## [TASK ITEM]
Search the entries below for "numDomainType" and copy each matching line.

-------------------------

Fixpoint AB (d : nat) (alpha lambda : algC) (n : nat) : algC * algC :=
  match n with
  | 0 => (alpha, 1)
  | n.+1 => let: (A, B) := AB d alpha lambda n in
            (A ^+ d + lambda * B ^+ d, A * B ^+ d.-1)
  end.

Definition Mnv (R : realType) (v : algC -> R) (d : nat) (alpha lambda : algC)
  (n : nat) : R :=
  Num.max (v (AB d alpha lambda n).1) (v (AB d alpha lambda n).2).

From HB Require Import structures.
From mathcomp Require Import all_boot all_order all_algebra all_field.
From mathcomp Require Import all_classical all_reals all_analysis.
From mathcomp Require Import lra ring zify.
Import Order.TTheory GRing.Theory Num.Theory numFieldNormedType.Exports.
Local Open Scope classical_set_scope.
Local Open Scope ring_scope.
Set Implicit Arguments. Unset Strict Implicit.

(* Write a_n = |A_n|_v, b_n = |B_n|_v, r = |lambda|_v and K = 2L.  For n >= 1,
   M_{n+1} and M_n^d agree up to the factor T_n = K^((d+2)(d-1)^n).  The upper
   bound is the triangle inequality; the lower bound uses
   |A_{n+1}|_v >= | a_n^d - r b_n^d | and depends on the size of r:
   - if 2r <= 1, by induction either b_m <= Q_m a_m, where Q_m = K^((d-1)^m)/2
     mimics the power d-1 taken by the ratio b_m/a_m at each step, or the
     lambda-term r b_m^d dominates;
   - if 1/2 < r < K^(2d), the constants depending on r are absorbed in T_n;
   - if r >= K^(2d), then 2 b_n <= a_n and 2 r b_n^d <= a_n^d for all n >= 1,
     so A_n^d dominates and M_{n+1} is within a factor 2 of M_n^d.
   Hence |log M_{n+1} - d log M_n| <= (d+2)(d-1)^n log K, and dividing by
   d^(n+1) the increments of log M_n / d^n telescope: the limit exists and
   differs from the n0-th term by at most (d+2) log K ((d-1)/d)^n0, which is
   at most (3d-2) log(2L). *)

Lemma ler_wpXn2r (R : numDomainType) n (x y : R) :
  0 <= x -> x <= y -> x ^+ n <= y ^+ n.
Proof. by move=> x_ge0 xy; rewrite lerXn2r // nnegrE // (le_trans x_ge0). Qed.

Lemma exprS_pred (R : numDomainType) d (x : R) : (0 < d)%N -> x ^+ d = x * x ^+ d.-1.
Proof. by move=> d_gt0; rewrite -{1}(prednK d_gt0) exprS. Qed.

Section AbsoluteValue.
Variables (R : realType) (v : algC -> R).
Hypothesis hv : is_absval v.

Lemma absval_ge0 x : 0 <= v x.
Proof. by case: hv. Qed.

Lemma absval_gt0 x : x != 0 -> 0 < v x.
Proof.
case: hv => _ v0 _ _ /negP nz0; rewrite lt_def absval_ge0 andbT.
by apply/negP => /eqP /v0 /eqP.
Qed.

Lemma absvalM x y : v (x * y) = v x * v y.
Proof. by case: hv. Qed.

Lemma absval_triangle x y : v (x + y) <= v x + v y.
Proof. by case: hv. Qed.

Lemma absval1 : v 1 = 1.
Proof.
have v1_neq0 : v 1 != 0 by rewrite gt_eqF // absval_gt0 ?oner_eq0.
by apply: (mulfI v1_neq0); rewrite -absvalM !mulr1.
Qed.

Lemma absvalX x n : v (x ^+ n) = v x ^+ n.
Proof. by elim: n => [|n IHn]; rewrite ?absval1 // !exprS absvalM IHn. Qed.

Lemma absvalN x : v (- x) = v x.
Proof.
have vN1 : v (-1) = 1.
  have : v (-1) ^+ 2 = 1 by rewrite -absvalX sqrrN expr1n absval1.
  by move/eqP; rewrite sqrf_eq1 => /orP[/eqP //|/eqP h]; have := absval_ge0 (-1); lra.
by rewrite -mulN1r absvalM vN1 mul1r.
Qed.

Lemma absval_dist_le x y : `|v x - v y| <= v (x + y).
Proof.
have := absval_triangle (x + y) (- y); have := absval_triangle (y + x) (- x).
by rewrite !absvalN !addrK [y + x]addrC ler_norml; lra.
Qed.

End AbsoluteValue.

Lemma AB_S d alpha lambda n :
  AB d alpha lambda n.+1 =
  ((AB d alpha lambda n).1 ^+ d + lambda * (AB d alpha lambda n).2 ^+ d,
   (AB d alpha lambda n).1 * (AB d alpha lambda n).2 ^+ d.-1).
Proof. by rewrite /=; case: (AB d alpha lambda n). Qed.

Lemma AB_neq0 d alpha lambda n : (0 < d)%N -> lambda != 0 ->
  AB d alpha lambda n != (0, 0).
Proof.
move=> d_gt0 lambda_neq0; elim: n => [|n]; first by rewrite xpair_eqE oner_eq0 andbF.
rewrite AB_S; case: (AB d alpha lambda n) => A B /=.
rewrite !xpair_eqE negb_and => nz; apply/nandP.
have [A_eq0|A_neq0] := eqVneq A 0.
  rewrite A_eq0 eqxx /= in nz.
  by left; rewrite A_eq0 expr0n gtn_eqF //= add0r mulf_neq0 // expf_neq0.
have [B_eq0|B_neq0] := eqVneq B 0; last by right; rewrite mulf_neq0 // expf_neq0.
by left; rewrite B_eq0 expr0n gtn_eqF //= mulr0 addr0 expf_neq0.
Qed.

Lemma Mnv_gt0 (R : realType) (v : algC -> R) d alpha lambda n :
  is_absval v -> (0 < d)%N -> lambda != 0 -> 0 < Mnv v d alpha lambda n.
Proof.
move=> hv d_gt0 lambda_neq0; have := AB_neq0 alpha n d_gt0 lambda_neq0.
rewrite /Mnv; case: (AB d alpha lambda n) => A B /=.
rewrite xpair_eqE negb_and lt_max => /orP[] /(absval_gt0 hv) ->; rewrite ?orbT //.
Qed.

Section AbsoluteRecurrence.
Variables (R : realType) (v : algC -> R) (d : nat) (alpha lambda : algC).
Hypothesis hv : is_absval v.

Lemma absval_AB1_le n :
  v (AB d alpha lambda n.+1).1 <=
  v (AB d alpha lambda n).1 ^+ d + v lambda * v (AB d alpha lambda n).2 ^+ d.
Proof. by rewrite AB_S /= -!(absvalX hv) -absvalM // absval_triangle. Qed.

Lemma absval_AB1_ge n :
  `|v (AB d alpha lambda n).1 ^+ d - v lambda * v (AB d alpha lambda n).2 ^+ d|
    <= v (AB d alpha lambda n.+1).1.
Proof. by rewrite AB_S /= -!(absvalX hv) -(absvalM hv) absval_dist_le. Qed.

Lemma absval_AB2 n :
  v (AB d alpha lambda n.+1).2 =
  v (AB d alpha lambda n).1 * v (AB d alpha lambda n).2 ^+ d.-1.
Proof. by rewrite AB_S /= (absvalM hv) (absvalX hv). Qed.

End AbsoluteRecurrence.

Section OneStep.
Variables (R : realType) (d : nat) (a b r a' : R).

Lemma max_step_le : (0 < d)%N -> 0 <= a -> 0 <= b -> 0 <= r ->
  a' <= a ^+ d + r * b ^+ d ->
  Num.max a' (a * b ^+ d.-1) <= (1 + r) * Num.max a b ^+ d.
Proof.
move=> d_gt0 a_ge0 b_ge0 r_ge0 a'_le; set M := Num.max a b.
have aM : a <= M by rewrite le_max lexx.
have bM : b <= M by rewrite le_max lexx orbT.
have M_ge0 : 0 <= M by apply: le_trans aM.
have aMd := ler_wpXn2r d a_ge0 aM; have bMd := ler_wpXn2r d b_ge0 bM.
have Md_ge0 := exprn_ge0 d M_ge0; have bd1_ge0 := exprn_ge0 d.-1 b_ge0.
have abM : a * b ^+ d.-1 <= M ^+ d.
  by rewrite (exprS_pred M d_gt0) ler_pM // ler_wpXn2r.
rewrite ge_max; apply/andP; split; nra.
Qed.

Lemma max_step_ge_mid : (0 < d)%N -> 0 <= a -> 0 <= b -> 1 <= 2 * r ->
  `|a ^+ d - r * b ^+ d| <= a' ->
  Num.max a b ^+ d <= 4 * Num.max 1 r * Num.max a' (a * b ^+ d.-1).
Proof.
move=> d_gt0 a_ge0 b_ge0 r_ge_half /ler_normlP[a'_geN a'_ge].
set M' := Num.max a' _; set m := Num.max 1 r.
have m_ge1 : 1 <= m by rewrite le_max lexx.
have r_le_m : r <= m by rewrite le_max lexx orbT.
have a'M : a' <= M' by rewrite le_max lexx.
have abM : a * b ^+ d.-1 <= M' by rewrite le_max lexx orbT.
have bd1_ge0 := exprn_ge0 d.-1 b_ge0; have bd_ge0 := exprn_ge0 d b_ge0.
have ad_ge0 := exprn_ge0 d a_ge0.
have M'_ge0 : 0 <= M' by rewrite (le_trans _ abM) ?mulr_ge0.
have r_ge0 : 0 <= r by lra.
have M'_le : M' <= m * M' by rewrite ler_peMl.
have rM'_le : r * M' <= m * M' by rewrite ler_wpM2r.
have rabM : r * (a * b ^+ d.-1) <= r * M' by rewrite ler_wpM2l.
case: (leP b a) => [ba|ab].
  have bd_le : b ^+ d <= a * b ^+ d.-1 by rewrite (exprS_pred b d_gt0); nra.
  have rbd_le : r * b ^+ d <= r * (a * b ^+ d.-1) by rewrite ler_wpM2l.
  by rewrite -mulrA; case: (leP (2 * (r * b ^+ d)) (a ^+ d)) => _; lra.
case: (leP (2 * a ^+ d) (r * b ^+ d)) => [|ad_big]; first nra.
suff : b ^+ d <= 4 * (a * b ^+ d.-1) by nra.
rewrite leNgt; apply/negP => b_big.
have a_lt : 4 * a < b.
  rewrite (exprS_pred b d_gt0) in b_big; rewrite ltNge; apply/negP => b_le; nra.
have := ler_wpXn2r d (mulr_ge0 (ler0n _ 4) a_ge0) (ltW a_lt); rewrite exprMn => ab_d.
have four_d : 4 <= (4 : R) ^+ d by apply: (ler_eXnr d_gt0); rewrite ler1n.
nra.
Qed.

Lemma small_ratio_step (Q : R) : (0 < d)%N -> 0 <= a -> 0 <= b -> 0 <= r ->
  1 <= Q -> `|a ^+ d - r * b ^+ d| <= a' -> b <= Q * a -> 2 * r * Q ^+ d <= 1 ->
  a * b ^+ d.-1 <= 2 * Q ^+ d.-1 * a'.
Proof.
move=> d_gt0 a_ge0 b_ge0 r_ge0 Q_ge1 /ler_normlP[_ a'_ge] bQa rQ.
have Q_ge0 : 0 <= Q by lra.
have := ler_wpXn2r d b_ge0 bQa; have := ler_wpXn2r d.-1 b_ge0 bQa.
rewrite !exprMn => bd1_le bd_le.
have ad_ge0 := exprn_ge0 d a_ge0; have Qd1_ge0 := exprn_ge0 d.-1 Q_ge0.
have ad_le : a ^+ d <= 2 * a'.
  have : r * b ^+ d <= r * (Q ^+ d * a ^+ d) by rewrite ler_wpM2l.
  have := ler_wpM2r ad_ge0 rQ; rewrite mul1r; lra.
have : a * b ^+ d.-1 <= a * (Q ^+ d.-1 * a ^+ d.-1) by rewrite ler_wpM2l.
have -> : a * (Q ^+ d.-1 * a ^+ d.-1) = Q ^+ d.-1 * a ^+ d.
  by rewrite (exprS_pred a d_gt0); ring.
have : Q ^+ d.-1 * a ^+ d <= Q ^+ d.-1 * (2 * a') by rewrite ler_wpM2l.
lra.
Qed.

-------------------------

## [RESULT OF THIS TASK]
Lemma ler_wpXn2r (R : numDomainType) n (x y : R) :
Lemma exprS_pred (R : numDomainType) d (x : R) : (0 < d)%N -> x ^+ d = x * x ^+ d.-1.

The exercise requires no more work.